シシトウガラシの花は7月〜10月頃に開花します。茎先の葉腋に下向きに付き、単生又は数個ずつ集まって白い花が咲きます。花冠は筒状で5~7つに裂けます。
シシトウガラシの葉は互生する単葉で、先端が尖った楕円形~披針形の全緑です。
シシトウガラシの果実は液果で、長さ5cm程の肉質な円筒形になり、始めは緑色ですが熟すと赤くなります。
シシトウガラシの名前
シシトウガラシという名前は、果実の先端がへこんで、そこにある小さな突起が獅子の頭に見えることから名付けられたと言われています。
植物種としてのトウガラシには辛みのある辛味種と、辛みがない甘味種があり、一般的に「トウガラシ(唐辛子)」とよばれるものは辛味種の方を指しています。具体的には、果肉が薄く甘味があるベル形の中果種を「ピーマン」、甘味がある果肉が厚い大果種を「パプリカ」と呼び、辛味のない小果種を「シシトウガラシ(シシトウ)」、辛味があり香辛料として使われる小果種を「トウガラシ」と呼んで区別しています。
シシトウガラシの食用
シシトウガラシは甘味種で、通常はピーマンのように辛くない実を付けますが、稀にトウガラシのような辛い実(辛味果)を付けるものがあります。辛味果は比較すると艶がなく、果形によじれがあり、緑色が濃く、実が硬いなどの違いがありますが、通常のものに比べて種の数が少ないため、果実を触るなどして調べるとある程度判断することができ、品種改良により、辛味果が市場に出ることはほとんどありません。
シシトウガラシは、鮮やかな緑色で張りと艶があり、ヘタがしっかりしていて切り口が変色していないものが良品とされています。シシトウガラシは焼く、煮る、揚げるなど、さまざまな調理法で食べることが出来ますが、そのまま加熱調理すると中の空気が膨張して破裂する恐れもあるため、小さな穴を何箇所か開けたり、ヘタの部分を切ってから調理しましょう。
シシトウガラシの詳細情報
園芸分類 | 野菜 |
性質 | 多年草 |
開花時期 | 7月〜10月 |
花色 | 白色 |
栽培難易度 | |
耐寒性 | 弱い |
耐暑性 | 強い |
耐陰性 | 弱い |
シシトウガラシの詳しい育て方
シシトウガラシは中南米の原産で、植物学的にはピーマンと同種とされています。ヨーロッパ人がアメリカ大陸発見後、南米からヨーロッパに入り、その後世界に広がったと言われています。
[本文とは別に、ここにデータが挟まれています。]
(* Let $K$ be a field of characteristic zero, $m\in K[x,y]$ irreducible over $K(x)$ with $n=\deg_y(m)$, and $A=K(x)[y]/\langle m\rangle$ equipped with the derivation $'$ extending $d/dx$. Let $W=(\omega_1,\dots,\omega_n)$ be a suitable basis of $A$ with $e\in K[x]$, $M=(m_{i,j})\in K[x]^{n\times n}$ such that $eW'=MW$ and $\gcd(e,m_{1,1},\dots,m_{n,n})=1$. Let $h=\sum_{i=1}^n\frac{h_i}{de}\omega_i$ with $h_1,\dots,h_n,d\in K[x]$, $\gcd(d,e)=\gcd(h_1,\dots,h_n,d)=1$ and $d$ squarefree. If $h$ is integrable in $A$, then $d\in K$.
   Context: $h$ is integrable in $A$ if $h=H'$ for some $H\in A$. An element $f\in A$ is integral if for every $a\in\bar K$ (algebraic closure of $K$) all $n$ Puiseux series expansions $\sigma_i(f)\in\bigcup_{r\ge1}\bar K((\,(x-a)^{1/r}))$ of $f$ at $a$ (obtained by substituting the $n$ Puiseux roots of $m$ at $a$ for $y$) have nonnegative valuation (least exponent). A suitable basis is a $K(x)$-basis of $A$ consisting of integral elements for which the normalized $e$ above is squarefree. *)

From HB Require Import structures.
From mathcomp Require Import all_boot all_order all_algebra.
Set Implicit Arguments. Unset Strict Implicit. Unset Printing Implicit Defensive.
Import GRing.Theory.
Local Open Scope ring_scope.

(* K(x) = {fraction {poly K}}, A = K(x)[y]/<m> represented by
   polynomials in y over K(x), compared modulo m. *)

Section AlgFun.
Variable K : fieldType.

Notation Kx := {poly K}.
Notation F := {fraction {poly K}}.

Definition toF (p : Kx) : F := @tofrac _ p.

Definition derivF (f : F) : F :=
  let r := repr f in
  toF ((\n_r)^`() * \d_r - \n_r * (\d_r)^`()) / toF (\d_r ^+ 2).

Definition liftm (m : {poly Kx}) : {poly F} := map_poly toF m.

(* inverse of a modulo mm (via Bezout), meaningful when a, mm coprime *)
Definition invmod (a mm : {poly F}) : {poly F} :=
  let e := egcdp a mm in ((e.1 * a + e.2 * mm)`_0)^-1 *: e.1.

Definition eqA (m : {poly Kx}) (P Q : {poly F}) : Prop :=
  (P - Q) %% liftm m = 0.

(* y' = - m_x / m_y in A *)
Definition yprime (m : {poly Kx}) : {poly F} :=
  - (map_poly derivF (liftm m)) * invmod (liftm m)^`() (liftm m).

Definition derA (m : {poly Kx}) (P : {poly F}) : {poly F} :=
  (map_poly derivF P + P^`() * yprime m) %% liftm m.

Definition integralA (m : {poly Kx}) (f : {poly F}) : Prop :=
  exists P : {poly Kx}, P \is monic /\
    eqA m (map_poly (fun p : Kx => (toF p)%:P) P).[f] 0.

Definition basisA (m : {poly Kx}) (n : nat) (W : 'I_n -> {poly F}) : Prop :=
  (forall c : 'I_n -> F, eqA m (\sum_(i < n) c i *: W i) 0 -> forall i, c i = 0)
  /\ (forall P : {poly F}, exists c : 'I_n -> F, eqA m P (\sum_(i < n) c i *: W i)).

Definition derRel (m : {poly Kx}) (n : nat) (W : 'I_n -> {poly F})
    (e : Kx) (M : 'M[Kx]_n) : Prop :=
  forall i : 'I_n,
    eqA m (toF e *: derA m (W i)) (\sum_(j < n) toF (M i j) *: W j).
国内の産地としては主に高知県、千葉県、和歌山県などで栽培され、ハウス物など年間を通して流通していますが、露地物は6月〜9月頃が美味しい旬の時期になります。
シシトウガラシの種まき
シシトウガラシは品種により時期や栽培方法など異なりますが、一般的には種まきの適期は3月〜4月頃で、発芽適温は25℃〜30℃です。また、発芽日数は7日〜14日程です。
セルトレイに種をまき、5mm程覆土して水やりをしましょう。発芽して本葉が2枚の頃にポット上げしましょう。種をポットにまく場合は、ポットに3粒ずつ種をまき、5mm程覆土して水やりをしましょう。本葉が出たら間引いて1本立ちにしましょう。
育苗には適温確保が必要です。ビニール温室やヒーターなどの保温・加温機材を使い、夜でも25℃程度になるよう温度管理しましょう。育苗日数は種まき後70~80日程です。育苗日数が長期間で、温度管理もあるため、家庭菜園などで少しの株数しか育てないのであれば、市販の苗を購入したほうが簡単です。
シシトウガラシの植え付け
定植する苗は、草丈15cm以上、葉が8~9枚程度で濃緑色になり、節間が詰まっている苗です。定植の2週間前に、苦土石灰を混ぜながらよく耕しましょう。1週間前にたい肥と元肥を施し、再びよく耕しましょう。畝幅は70cm程、高さ20cm程度に畝を作りましょう。また、連作は避けるため、同じ畑では3〜4年は空けるようにしましょう。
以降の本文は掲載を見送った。